Presiding over the intersection of Tavistock Road and All Saints Road, The Pelican provides a contemporary update on a classic Victorian pub in a quiet corner of Notting Hill. An airy renovation of a 19th-century framework, large windows pour natural light over hardwood floors, exposed plaster and an open fire. Meanwhile, locally-brewed beers pair with a classic British menu featuring duck, skate and beef & Guinness pie. If you prefer light bites, there are adventurous bar snacks including Achill oysters and spider crab toast. The Pelican has even won a Michelin Bib Gourmand – awarded to restaurants for elevated cookery and excellent value for money.

©The Pelican
©The Pelican

Admiral Codrington, Chelsea

A short stroll from Sloane Square, The Admiral Codrington – known as the Ad Cod to regulars – is an ideal pitstop after a day of retail therapy. Their selection of wines, craft beers and cask ales is extensive while a seasonal menu serves to highlight fine produce. It includes mushroom and tarragon broth, roasted heritage squash, and Sunday lunch such as free-range Turkey and rare roast beef. The dining area has a retractable glass roof making it the perfect place to watch the tennis in the summer.

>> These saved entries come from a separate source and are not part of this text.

(* Let $W\in\mathbb{R}^{n\times n}$ be symmetric with nonnegative entries, $L=\operatorname{diag}(W\mathbf{1})-W$, and let $L=V^T\Lambda V$ be a full spectral decomposition with $V$ orthogonal, $\Lambda=\operatorname{diag}(\lambda_1,\dots,\lambda_n)$, $\lambda_1\le\dots\le\lambda_n$, and first row $V_1=\frac{1}{\sqrt n}\mathbf{1}^T$. Define the virtual data $\tilde A=(\lambda_nI-\Lambda)^{1/2}V$ and its mean-removed version $\bar A=\tilde A(I-\frac1n\mathbf{1}\mathbf{1}^T)$. Let $r\ge 2$. Then the three problems $$\text{(i)}\ \min_{\tilde X}\operatorname{tr}\{XLX^T\}\ \text{s.t. } X=\begin{bmatrix}\tfrac{1}{\sqrt n}\mathbf{1}^T\\ \tilde X\end{bmatrix}\in\mathbb{R}^{r\times n},\ XX^T=I;$$ $$\text{(ii)}\ \min_{D,\tilde X}\|\tilde A-DX\|_F^2\ \text{s.t. } X=\begin{bmatrix}\tfrac{1}{\sqrt n}\mathbf{1}^T\\ \tilde X\end{bmatrix},\ XX^T=I;$$ $$\text{(iii)}\ \min_{D,\tilde X}\|\bar A-D\tilde X\|_F^2\ \text{s.t. } \tilde X\tilde X^T=I$$ (with $\tilde X\in\mathbb{R}^{(r-1)\times n}$) have equal solutions $\tilde X$, one of which is $V_{2:r}$ (rows $2$ through $r$ of $V$).
   Context: $\mathbf{1}$ is the all-ones vector, $\operatorname{diag}(v)$ the diagonal matrix with diagonal $v$; $L$ is the graph Laplacian of the similarity matrix $W$. *)

From HB Require Import structures.
From mathcomp Require Import all_boot all_order all_algebra.
From mathcomp Require Import reals.
Set Implicit Arguments. Unset Strict Implicit. Unset Printing Implicit Defensive.
Import Order.TTheory GRing.Theory Num.Theory.
Local Open Scope ring_scope.

Section Defs.
Variable R : realType.

Definition ones n : 'cV[R]_n := const_mx 1.

Definition laplacian n (W : 'M[R]_n) : 'M[R]_n :=
  diag_mx (W *m ones n)^T - W.

Definition orthogonal_mx n (V : 'M[R]_n) : Prop := V^T *m V = 1%:M.

Definition frob2 m n (A : 'M[R]_(m, n)) : R := \sum_i \sum_j (A i j) ^+ 2.

Definition unit_ones_row n : 'rV[R]_n := const_mx (Num.sqrt (n%:R))^-1.

Definition stackX k n (Xt : 'M[R]_(k, n)) : 'M[R]_(1 + k, n) :=
  col_mx (unit_ones_row n) Xt.

Definition feas12 k n (Xt : 'M[R]_(k, n)) : Prop :=
  stackX Xt *m (stackX Xt)^T = 1%:M.

Definition sol_i k n (L : 'M[R]_n) (Xt : 'M[R]_(k, n)) : Prop :=
  feas12 Xt /\
  forall Y : 'M[R]_(k, n), feas12 Y ->
    \tr (stackX Xt *m L *m (stackX Xt)^T) <= \tr (stackX Y *m L *m (stackX Y)^T).

Definition sol_ii k n (At : 'M[R]_n) (Xt : 'M[R]_(k, n)) : Prop :=
  feas12 Xt /\
  exists D : 'M[R]_(n, 1 + k),
    forall (D' : 'M[R]_(n, 1 + k)) (Y : 'M[R]_(k, n)), feas12 Y ->
      frob2 (At - D *m stackX Xt) <= frob2 (At - D' *m stackX Y).

Definition sol_iii k n (Ab : 'M[R]_n) (Xt : 'M[R]_(k, n)) : Prop :=
  Xt *m Xt^T = 1%:M /\
  exists D : 'M[R]_(n, k),
    forall (D' : 'M[R]_(n, k)) (Y : 'M[R]_(k, n)), Y *m Y^T = 1%:M ->
      frob2 (Ab - D *m Xt) <= frob2 (Ab - D' *m Y).

(* virtual data At = (lambda_n I - Lambda)^{1/2} V, with lam indexed 0..n *)
Definition virtual_data n (lam : 'rV[R]_n.+1) (V : 'M[R]_n.+1) : 'M[R]_n.+1 :=
  diag_mx (\row_i Num.sqrt (lam 0 ord_max - lam 0 i)) *m V.

Definition mean_removed n (A : 'M[R]_n) : 'M[R]_n :=
  A *m (1%:M - (n%:R)^-1 *: (ones n *m (ones n)^T)).

(* rows 2..r of V (1-indexed), i.e. rows 1..r-1 (0-indexed) *)
Definition rows_2_to_r n (r : nat) (V : 'M[R]_n.+1) : 'M[R]_(r.-1, n.+1) :=
  \matrix_(i < r.-1, j < n.+1) V (inord i.+1) j.

End Defs.

(* For [Y] with orthonormal rows, [||A - D Y||^2 = ||A||^2 - ||A Y^T||^2 + ||D - A Y^T||^2],
   so minimizing over the coefficient matrix [D] leaves the maximization of [||A Y^T||^2].
   In the eigenbasis, [Z := Y V^T] again has orthonormal rows, and every objective is a
   weighted sum [sum_j w_j c_j] of the column energies [c_j := sum_i Z_ij^2], which lie in
   [[0,1]] and add up to [r - 1]; the weights are [lambda_j] for (i), [lambda_n - lambda_j]
   for (ii) and [[j <> 1] (lambda_n - lambda_j)] for (iii).  On the feasible set of (i) the
   three objectives differ by constants, and a rearrangement argument shows that rows
   [2..r] of [V] are optimal for (iii) among all orthonormal [X~]; a competitor putting
   energy [c_1] on the constant direction loses at least [(lambda_n - lambda_r) c_1]. *)

From HB Require Import structures.
From mathcomp Require Import all_boot all_order all_algebra.
From mathcomp Require Import reals.
From mathcomp Require Import ring lra zify.
Import Order.TTheory GRing.Theory Num.Theory.
Local Open Scope ring_scope.
Set Implicit Arguments. Unset Strict Implicit. Unset Printing Implicit Defensive.

Section Frobenius.
Variable R : realType.

Lemma frob2_mxtrace m n (B : 'M[R]_(m, n)) : frob2 B = \tr (B *m B^T).
Proof.
rewrite /frob2 /mxtrace; apply: eq_bigr => i _; rewrite !mxE.
by apply: eq_bigr => j _; rewrite !mxE expr2.
Qed.

Lemma frob2_ge0 m n (B : 'M[R]_(m, n)) : 0 <= frob2 B.
Proof. by apply: sumr_ge0 => i _; apply: sumr_ge0 => j _; apply: sqr_ge0. Qed.

Lemma frob2_0 m n : frob2 (0 : 'M[R]_(m, n)) = 0.
Proof. by rewrite frob2_mxtrace mul0mx mxtrace0. Qed.

Lemma frob2_trmx m n (B : 'M[R]_(m, n)) : frob2 B^T = frob2 B.
Proof. by rewrite /frob2 exchange_big; apply: eq_bigr => j _; under eq_bigr do rewrite mxE. Qed.

Lemma frob2_opp m n (B : 'M[R]_(m, n)) : frob2 (- B) = frob2 B.
Proof. by rewrite !frob2_mxtrace linearN /= mulNmx mulmxN opprK. Qed.

Lemma frob2D_orth m n (B C : 'M[R]_(m, n)) :
  B *m C^T = 0 -> frob2 (B + C) = frob2 B + frob2 C.
Proof.
move=> hBC; have hCB : C *m B^T = 0 by rewrite -[C]trmxK -trmx_mul hBC trmx0.
by rewrite !frob2_mxtrace linearD /= mulmxDl !mulmxDr hBC hCB !addr0 add0r mxtraceD.
Qed.

Lemma frob2_mulmx_orth m n k (M : 'M[R]_(m, k)) (Y : 'M[R]_(k, n)) :
  Y *m Y^T = 1%:M -> frob2 (M *m Y) = frob2 M.
Proof. by move=> hY; rewrite !frob2_mxtrace trmx_mul mulmxA -(mulmxA M) hY mulmx1. Qed.

(* Pythagoras: [A - (A Y^T) Y] is orthogonal to every [Q Y]. *)
Lemma frob2_sub_mulmx_orth m n k (A : 'M[R]_(m, n)) (D : 'M[R]_(m, k)) (Y : 'M[R]_(k, n)) :
  Y *m Y^T = 1%:M ->
  frob2 (A - D *m Y) = frob2 A - frob2 (A *m Y^T) + frob2 (D - A *m Y^T).
Proof.
move=> hY; set P := A *m Y^T; set B := A - P *m Y.
have hB Q : B *m (Q *m Y)^T = 0 :> 'M_m.
  by rewrite trmx_mul mulmxA mulmxBl -(mulmxA P) hY mulmx1 subrr mul0mx.
have -> : A - D *m Y = B + (P - D) *m Y by rewrite mulmxBl addrA subrK.
have hA : frob2 A = frob2 B + frob2 P.
  by rewrite -(frob2_mulmx_orth P hY) -frob2D_orth // subrK.
by rewrite frob2D_orth // frob2_mulmx_orth // hA addrK -opprB frob2_opp.
Qed.

Lemma frob2_argmin_coefP (T : Type) m n k (A : 'M[R]_(m, n))
    (F : T -> 'M[R]_(k, n)) (P : T -> Prop) (x : T) :
  (forall y, P y -> F y *m (F y)^T = 1%:M) -> P x ->
  (exists D, forall D' y, P y -> frob2 (A - D *m F x) <= frob2 (A - D' *m F y)) <->
  (forall y, P y -> frob2 (A *m (F y)^T) <= frob2 (A *m (F x)^T)).
Proof.
move=> hF hx; split.
  move=> [D hD] y hy; have := hD (A *m (F y)^T) y hy.
  rewrite (frob2_sub_mulmx_orth _ D) ?hF // (frob2_sub_mulmx_orth _ (A *m _)) ?hF //.
  rewrite subrr frob2_0.
  have := frob2_ge0 (D - A *m (F x)^T); lra.
move=> hmax; exists (A *m (F x)^T) => D' y hy.
rewrite (frob2_sub_mulmx_orth _ D') ?hF // (frob2_sub_mulmx_orth _ (A *m _)) ?hF //.
rewrite subrr frob2_0.
have := hmax y hy; have := frob2_ge0 (D' - A *m (F y)^T); lra.
Qed.

Definition col_energy k n (Z : 'M[R]_(k, n)) (j : 'I_n) : R := \sum_i Z i j ^+ 2.

Lemma col_energy_ge0 k n (Z : 'M[R]_(k, n)) j : 0 <= col_energy Z j.
Proof. by apply: sumr_ge0 => i _; apply: sqr_ge0. Qed.

Lemma col_energy_eq0 k n (Z : 'M[R]_(k, n)) j :
  col_energy Z j = 0 <-> forall i, Z i j = 0.
Proof.
split=> [hZ i|hZ]; last by apply: big1 => i _; rewrite hZ expr0n.
have /psumr_eq0P : \sum_i Z i j ^+ 2 = 0 := hZ.
by move=> /(_ (fun i _ => sqr_ge0 (Z i j)) i isT) /eqP; rewrite sqrf_eq0 => /eqP.
Qed.

Lemma sum_col_energy k n (Z : 'M[R]_(k, n)) :
  Z *m Z^T = 1%:M -> \sum_j col_energy Z j = k%:R.
Proof.
move=> hZ; rewrite /col_energy exchange_big -[k%:R]mxtrace1 -hZ -frob2_mxtrace.
by apply: eq_bigr.
Qed.

(* Bessel: [w := Z^T (col j Z)] has squared norm [col_energy Z j] and [j]-th entry [col_energy Z j]. *)
Lemma col_energy_le1 k n (Z : 'M[R]_(k, n)) j :
  Z *m Z^T = 1%:M -> col_energy Z j <= 1.
Proof.
move=> hZ; pose w := Z^T *m col j Z.
have w_norm : \sum_l w l 0 ^+ 2 = col_energy Z j.
  have -> : \sum_l w l 0 ^+ 2 = (w^T *m w) 0 0.
    by rewrite !mxE; apply: eq_bigr => l _; rewrite !mxE expr2.
  rewrite /w trmx_mul trmxK mulmxA -(mulmxA _ Z) hZ mulmx1 !mxE.
  by apply: eq_bigr => i _; rewrite !mxE expr2.
have w_j : w j 0 = col_energy Z j.
  by rewrite !mxE; apply: eq_bigr => i _; rewrite !mxE expr2.
have : col_energy Z j ^+ 2 <= col_energy Z j.
  rewrite -{2}w_norm (bigD1 j) //= w_j lerDl.
  by apply: sumr_ge0 => l _; apply: sqr_ge0.
have := col_energy_ge0 Z j; nra.
Qed.

Lemma mxtrace_mul_diag k n (Z : 'M[R]_(k, n)) (d : 'rV[R]_n) :
  \tr (Z *m diag_mx d *m Z^T) = \sum_j d 0 j * col_energy Z j.
Proof.
rewrite /mxtrace /col_energy; under eq_bigr => i _ do rewrite !mxE.
rewrite exchange_big; apply: eq_bigr => j _; rewrite mulr_sumr.
by apply: eq_bigr => i _; rewrite mul_mx_diag !mxE; ring.
Qed.

Lemma frob2_mul_diag k n (Z : 'M[R]_(k, n)) (t : 'rV[R]_n) :
  frob2 (Z *m diag_mx t) = \sum_j t 0 j ^+ 2 * col_energy Z j.
Proof.
rewrite /frob2 /col_energy exchange_big; apply: eq_bigr => j _; rewrite mulr_sumr.
by apply: eq_bigr => i _; rewrite mul_mx_diag mxE exprMn mulrC.
Qed.

End Frobenius.

Arguments frob2_argmin_coefP {R T m n k} A F P {x}.

Section Rearrangement.
Variables (R : realType) (I : finType).

Lemma weighted_sum_le_top (w c : I -> R) (b : pred I) (t : R) (k : nat) :
  (forall j, 0 <= c j <= 1) -> \sum_j c j = k%:R -> \sum_j (b j)%:R = k%:R :> R ->
  (forall j, b j -> t <= w j) -> (forall j, ~~ b j -> w j <= t) ->
  forall j0, ~~ b j0 ->
  \sum_j w j * c j + (t - w j0) * c j0 <= \sum_j w j * (b j)%:R.
Proof.
move=> hc hsc hsb hin hout j0 hj0.
have gap : \sum_j w j * (b j)%:R - \sum_j w j * c j =
    \sum_j (w j - t) * ((b j)%:R - c j).
  have -> : \sum_j (w j - t) * ((b j)%:R - c j) =
      \sum_j (w j * (b j)%:R - w j * c j) - t * (\sum_j (b j)%:R - \sum_j c j).
    by rewrite -sumrB mulr_sumr -sumrB; apply: eq_bigr => j _; ring.
  by rewrite hsb hsc subrr mulr0 subr0 sumrB.
have term_ge0 j : 0 <= (w j - t) * ((b j)%:R - c j).
  have /andP[c0 c1] := hc j; case: (boolP (b j)) => hb.
    by apply: mulr_ge0; rewrite subr_ge0 // hin.
  by apply: mulr_le0; rewrite ?subr_le0 ?hout // sub0r oppr_le0.
have : (t - w j0) * c j0 <= \sum_j (w j - t) * ((b j)%:R - c j).
  rewrite (bigD1 j0) //= (negbTE hj0) -[X in X <= _]addr0 lerD //.
    by rewrite /= sub0r mulrN -mulNr opprB.
  by apply: sumr_ge0 => j _; apply: term_ge0.
rewrite -gap; lra.
Qed.

End Rearrangement.

Section UnitOnesRow.
Variables (R : realType) (N : nat).
Local Notation n := N.+1.
Local Notation u := (@unit_ones_row R n).

Lemma sqrt_natr_neq0 : Num.sqrt (n%:R : R) != 0.
Proof. by rewrite sqrtr_eq0 -ltNge ltr0n. Qed.

Lemma unit_ones_row_unit : u *m u^T = 1%:M.
Proof.
apply/matrixP => i j; rewrite !ord1 !mxE eqxx /=.
under eq_bigr => l _ do rewrite !mxE.
rewrite sumr_const card_ord -invfM -expr2 sqr_sqrtr ?ler0n //.
by rewrite -[_ *+ _]mulr_natl mulfV // pnatr_eq0.
Qed.

Lemma feas12P k (Y : 'M[R]_(k, n)) :
  feas12 Y <-> Y *m Y^T = 1%:M /\ Y *m u^T = 0.
Proof.
rewrite /feas12 /stackX tr_col_mx mul_col_row (scalar_mx_block 1 k).
split=> [/eq_block_mx [_ _ -> ->] // | [hY hYu]].
have huY : u *m Y^T = 0 by rewrite -(trmxK u) -trmx_mul hYu trmx0.
by rewrite unit_ones_row_unit hY hYu huY.
Qed.

Lemma mxtrace_stackX k (L : 'M[R]_n) (Y : 'M[R]_(k, n)) :
  \tr (stackX Y *m L *m (stackX Y)^T) = \tr (u *m L *m u^T) + \tr (Y *m L *m Y^T).
Proof. by rewrite /stackX tr_col_mx (mul_col_mx u Y L) mul_col_row mxtrace_block. Qed.

Lemma mulmx_ones_eq0 k (Y : 'M[R]_(k, n)) : Y *m ones R n = 0 <-> Y *m u^T = 0.
Proof.
have -> : ones R n = Num.sqrt (n%:R) *: u^T.
  by apply/matrixP => i j; rewrite !mxE mulfV // sqrt_natr_neq0.
rewrite -scalemxAr; split => [/eqP|->]; last by rewrite scaler0.
by rewrite scaler_eq0 (negbTE sqrt_natr_neq0) /= => /eqP.
Qed.

End UnitOnesRow.

Section Spectral.
Variables (R : realType) (N : nat).
Local Notation n := N.+1.
Variables (V : 'M[R]_n) (lam : 'rV[R]_n).
Hypothesis hVV : orthogonal_mx V.
Hypothesis hV1 : row ord0 V = @unit_ones_row R n.
Hypothesis hlam : forall i j : 'I_n, (i <= j)%N -> lam 0 i <= lam 0 j.
Local Notation u := (@unit_ones_row R n).
Local Notation L := (V^T *m diag_mx lam *m V).
Local Notation At := (virtual_data lam V).
Local Notation Ab := (mean_removed (virtual_data lam V)).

- The Admiral Codrington, ©Butcombe Brewery

The Alfred Tennyson, Knightsbridge

Named after the Victorian Poet Laurette, The Alfred Tennyson offers indulgent drinking and dining in an elevated setting. On a regal street in Knightsbridge, this upmarket pub has a pared-back aesthetic and comfortable dining spaces arranged around a long wooden bar. The menu features kale Caesar salad, Cornish crab and seasonal oysters as well as gastronomic takes on populardishes such as battered haddock, beef cheeks and wild mushroom risotto.

- The Alfred Tennyson, ©Cubbit House
- The Alfred Tennyson, ©Cubbit House

The Masons Arms, Mayfair

The Masons Arms is an 18th-century pub with a distinctive mock Tudor façade. A short walk from Oxford Street tube station, this wood-wrapped tavern features leather-clad bench seating, decorative dried hops hanging from the bar and an upstairs area that overlooks Mayfair’s busy Maddox Street. The menu offers avocado salad, Hampshire-bred pork belly and flat iron steak. The pub’s cosy and welcoming atmosphere also makes it a favoured spot during the festive period.